:: TASK TO CARRY OUT ::
Report each line from the entries in which "pairing" can be found.

:: Data entries ::
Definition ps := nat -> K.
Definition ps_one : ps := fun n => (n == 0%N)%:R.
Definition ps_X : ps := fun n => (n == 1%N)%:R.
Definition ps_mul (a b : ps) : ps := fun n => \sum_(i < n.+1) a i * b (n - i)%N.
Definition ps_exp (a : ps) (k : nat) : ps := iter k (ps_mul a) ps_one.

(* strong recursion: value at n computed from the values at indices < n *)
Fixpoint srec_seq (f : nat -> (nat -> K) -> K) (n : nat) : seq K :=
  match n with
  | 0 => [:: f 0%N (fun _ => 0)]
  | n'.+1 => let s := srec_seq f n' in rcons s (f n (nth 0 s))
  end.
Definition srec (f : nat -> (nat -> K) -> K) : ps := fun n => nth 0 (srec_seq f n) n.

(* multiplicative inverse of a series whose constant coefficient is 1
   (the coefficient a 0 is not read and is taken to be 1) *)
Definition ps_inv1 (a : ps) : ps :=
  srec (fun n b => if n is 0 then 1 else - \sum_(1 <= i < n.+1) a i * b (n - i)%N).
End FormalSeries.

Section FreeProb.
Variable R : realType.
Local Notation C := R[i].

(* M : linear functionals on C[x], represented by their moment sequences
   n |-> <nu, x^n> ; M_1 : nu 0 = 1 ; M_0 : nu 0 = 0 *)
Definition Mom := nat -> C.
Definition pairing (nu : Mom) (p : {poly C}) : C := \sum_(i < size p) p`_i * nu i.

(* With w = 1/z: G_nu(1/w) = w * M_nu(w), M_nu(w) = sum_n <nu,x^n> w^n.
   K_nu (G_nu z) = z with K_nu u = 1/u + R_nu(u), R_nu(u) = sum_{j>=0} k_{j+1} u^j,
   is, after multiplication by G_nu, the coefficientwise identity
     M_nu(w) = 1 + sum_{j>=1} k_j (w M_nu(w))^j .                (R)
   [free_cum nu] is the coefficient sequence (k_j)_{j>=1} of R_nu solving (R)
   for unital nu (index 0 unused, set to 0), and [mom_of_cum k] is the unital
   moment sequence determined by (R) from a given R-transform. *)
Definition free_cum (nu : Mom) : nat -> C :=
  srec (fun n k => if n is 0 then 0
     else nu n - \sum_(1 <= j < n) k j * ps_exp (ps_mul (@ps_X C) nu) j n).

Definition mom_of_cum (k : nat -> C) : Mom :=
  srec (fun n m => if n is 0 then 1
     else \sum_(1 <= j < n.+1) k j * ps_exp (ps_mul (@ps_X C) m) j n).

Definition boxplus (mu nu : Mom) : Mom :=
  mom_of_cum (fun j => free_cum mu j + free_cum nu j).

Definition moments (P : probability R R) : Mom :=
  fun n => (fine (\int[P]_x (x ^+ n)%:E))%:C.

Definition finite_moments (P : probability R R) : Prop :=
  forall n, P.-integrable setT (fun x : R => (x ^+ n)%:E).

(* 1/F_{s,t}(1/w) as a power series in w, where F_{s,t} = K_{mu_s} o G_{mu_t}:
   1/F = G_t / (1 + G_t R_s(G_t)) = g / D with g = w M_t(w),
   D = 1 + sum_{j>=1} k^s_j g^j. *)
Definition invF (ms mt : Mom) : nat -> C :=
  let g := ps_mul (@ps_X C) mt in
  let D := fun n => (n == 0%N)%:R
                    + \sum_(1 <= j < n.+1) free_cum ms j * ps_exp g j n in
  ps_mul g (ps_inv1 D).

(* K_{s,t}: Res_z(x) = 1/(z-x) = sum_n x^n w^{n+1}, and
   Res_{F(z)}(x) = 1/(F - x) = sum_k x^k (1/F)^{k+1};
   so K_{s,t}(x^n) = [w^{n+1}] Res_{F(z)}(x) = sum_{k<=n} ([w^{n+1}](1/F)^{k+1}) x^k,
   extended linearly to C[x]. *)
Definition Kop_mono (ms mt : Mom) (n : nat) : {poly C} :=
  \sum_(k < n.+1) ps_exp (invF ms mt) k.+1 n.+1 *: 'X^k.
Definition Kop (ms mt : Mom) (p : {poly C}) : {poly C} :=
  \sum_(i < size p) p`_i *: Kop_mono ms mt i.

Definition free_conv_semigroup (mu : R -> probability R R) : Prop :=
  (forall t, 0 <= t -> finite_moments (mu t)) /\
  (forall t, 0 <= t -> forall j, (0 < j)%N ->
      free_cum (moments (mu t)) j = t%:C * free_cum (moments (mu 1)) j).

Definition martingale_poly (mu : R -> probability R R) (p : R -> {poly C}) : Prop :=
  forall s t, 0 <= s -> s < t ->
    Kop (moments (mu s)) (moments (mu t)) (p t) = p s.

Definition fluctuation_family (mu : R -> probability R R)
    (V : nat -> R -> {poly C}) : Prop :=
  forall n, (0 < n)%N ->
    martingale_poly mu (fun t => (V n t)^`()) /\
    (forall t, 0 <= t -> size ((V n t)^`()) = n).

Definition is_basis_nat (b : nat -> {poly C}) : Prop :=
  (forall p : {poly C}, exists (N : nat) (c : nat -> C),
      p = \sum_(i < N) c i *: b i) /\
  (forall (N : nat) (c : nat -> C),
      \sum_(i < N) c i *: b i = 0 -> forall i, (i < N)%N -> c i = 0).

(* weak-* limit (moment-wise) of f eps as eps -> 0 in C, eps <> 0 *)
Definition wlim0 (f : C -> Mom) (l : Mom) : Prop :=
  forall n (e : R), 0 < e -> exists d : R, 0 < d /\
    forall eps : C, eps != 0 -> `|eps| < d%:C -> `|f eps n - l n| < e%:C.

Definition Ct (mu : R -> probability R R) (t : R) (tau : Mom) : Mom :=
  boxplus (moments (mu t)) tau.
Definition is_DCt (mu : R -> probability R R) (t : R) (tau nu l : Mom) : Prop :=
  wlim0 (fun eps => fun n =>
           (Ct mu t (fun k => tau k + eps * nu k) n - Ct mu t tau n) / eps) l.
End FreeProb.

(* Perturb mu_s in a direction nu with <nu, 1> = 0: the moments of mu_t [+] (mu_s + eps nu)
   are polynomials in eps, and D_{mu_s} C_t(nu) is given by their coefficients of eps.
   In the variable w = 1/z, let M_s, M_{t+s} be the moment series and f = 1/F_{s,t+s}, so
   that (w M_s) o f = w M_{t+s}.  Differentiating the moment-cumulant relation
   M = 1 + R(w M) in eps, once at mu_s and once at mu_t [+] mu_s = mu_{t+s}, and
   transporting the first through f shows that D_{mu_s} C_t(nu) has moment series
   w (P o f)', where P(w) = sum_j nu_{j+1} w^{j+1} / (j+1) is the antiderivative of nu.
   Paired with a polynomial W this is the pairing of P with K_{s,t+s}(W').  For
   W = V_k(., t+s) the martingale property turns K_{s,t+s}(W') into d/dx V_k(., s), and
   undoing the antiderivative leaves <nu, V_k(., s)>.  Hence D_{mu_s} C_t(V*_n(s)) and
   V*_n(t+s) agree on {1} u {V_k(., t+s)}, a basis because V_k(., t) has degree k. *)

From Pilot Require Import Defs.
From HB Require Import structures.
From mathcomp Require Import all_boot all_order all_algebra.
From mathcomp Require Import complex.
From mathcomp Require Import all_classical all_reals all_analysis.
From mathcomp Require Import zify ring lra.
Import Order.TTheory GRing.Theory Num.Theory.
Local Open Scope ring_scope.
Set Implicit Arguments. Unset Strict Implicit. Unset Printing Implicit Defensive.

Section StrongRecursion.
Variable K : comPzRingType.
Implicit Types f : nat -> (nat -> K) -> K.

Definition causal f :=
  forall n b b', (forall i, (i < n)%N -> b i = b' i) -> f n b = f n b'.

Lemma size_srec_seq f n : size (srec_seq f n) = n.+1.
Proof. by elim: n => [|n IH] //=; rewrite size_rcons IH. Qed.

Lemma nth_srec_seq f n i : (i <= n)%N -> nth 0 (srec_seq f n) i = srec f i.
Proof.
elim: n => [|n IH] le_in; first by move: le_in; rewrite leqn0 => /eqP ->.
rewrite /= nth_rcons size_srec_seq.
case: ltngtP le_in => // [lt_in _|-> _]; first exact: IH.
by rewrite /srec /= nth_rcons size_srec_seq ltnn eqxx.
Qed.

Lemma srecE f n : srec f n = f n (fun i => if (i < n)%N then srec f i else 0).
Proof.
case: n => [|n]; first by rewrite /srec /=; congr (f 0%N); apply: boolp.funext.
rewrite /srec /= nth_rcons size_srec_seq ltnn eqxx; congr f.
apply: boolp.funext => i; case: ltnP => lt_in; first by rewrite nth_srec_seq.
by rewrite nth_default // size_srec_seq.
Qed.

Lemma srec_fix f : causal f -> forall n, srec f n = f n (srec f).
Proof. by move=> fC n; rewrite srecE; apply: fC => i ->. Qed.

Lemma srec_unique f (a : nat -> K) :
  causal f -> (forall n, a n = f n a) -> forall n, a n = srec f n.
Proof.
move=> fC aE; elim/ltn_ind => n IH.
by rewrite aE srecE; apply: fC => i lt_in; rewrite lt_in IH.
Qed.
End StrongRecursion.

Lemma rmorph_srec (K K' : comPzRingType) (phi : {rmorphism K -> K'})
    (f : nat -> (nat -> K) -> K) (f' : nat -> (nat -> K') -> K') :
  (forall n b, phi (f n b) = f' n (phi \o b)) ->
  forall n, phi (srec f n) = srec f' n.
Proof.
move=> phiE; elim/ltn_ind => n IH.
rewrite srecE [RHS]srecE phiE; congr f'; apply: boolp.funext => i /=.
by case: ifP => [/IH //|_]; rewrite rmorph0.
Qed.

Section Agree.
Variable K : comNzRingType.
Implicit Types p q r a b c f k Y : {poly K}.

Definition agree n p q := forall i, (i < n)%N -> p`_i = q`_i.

:: SOLVED EXERCISE ::
Definition pairing (nu : Mom) (p : {poly C}) : C := \sum_(i < size p) p`_i * nu i.
   Paired with a polynomial W this is the pairing of P with K_{s,t+s}(W').  For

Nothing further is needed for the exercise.